YOUR GOAL: All lines from the one containing "refine (definable_atom (h" down to the one containing "D (n + 1) (fun", both ends included, are to be given again exactly; omit the rest of the listing below.
◆ ◆ ◆
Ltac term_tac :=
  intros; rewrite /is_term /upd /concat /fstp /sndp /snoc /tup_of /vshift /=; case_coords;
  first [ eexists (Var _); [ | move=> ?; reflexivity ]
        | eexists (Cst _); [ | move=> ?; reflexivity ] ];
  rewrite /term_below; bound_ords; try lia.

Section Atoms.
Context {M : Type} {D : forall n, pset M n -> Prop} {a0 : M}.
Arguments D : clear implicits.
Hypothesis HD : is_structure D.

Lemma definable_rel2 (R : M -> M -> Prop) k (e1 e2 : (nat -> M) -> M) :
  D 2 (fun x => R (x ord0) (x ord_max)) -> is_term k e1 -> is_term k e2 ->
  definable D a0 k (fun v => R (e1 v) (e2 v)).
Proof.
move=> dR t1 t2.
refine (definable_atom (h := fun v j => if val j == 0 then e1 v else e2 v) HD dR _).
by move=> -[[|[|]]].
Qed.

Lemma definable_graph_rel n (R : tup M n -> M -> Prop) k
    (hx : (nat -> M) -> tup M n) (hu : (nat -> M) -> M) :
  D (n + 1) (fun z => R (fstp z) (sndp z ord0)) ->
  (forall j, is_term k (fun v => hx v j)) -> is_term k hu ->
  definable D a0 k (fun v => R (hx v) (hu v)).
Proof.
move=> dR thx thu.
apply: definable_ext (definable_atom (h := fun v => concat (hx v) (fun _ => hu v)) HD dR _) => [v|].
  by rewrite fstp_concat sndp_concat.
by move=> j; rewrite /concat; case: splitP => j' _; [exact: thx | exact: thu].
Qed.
◆ ◆ ◆
SOLUTION FOR THIS EXERCISE:
refine (definable_atom (h := fun v j => if val j == 0 then e1 v else e2 v) HD dR _).
by move=> -[[|[|]]].
Qed.

Lemma definable_graph_rel n (R : tup M n -> M -> Prop) k
    (hx : (nat -> M) -> tup M n) (hu : (nat -> M) -> M) :
  D (n + 1) (fun z => R (fstp z) (sndp z ord0)) ->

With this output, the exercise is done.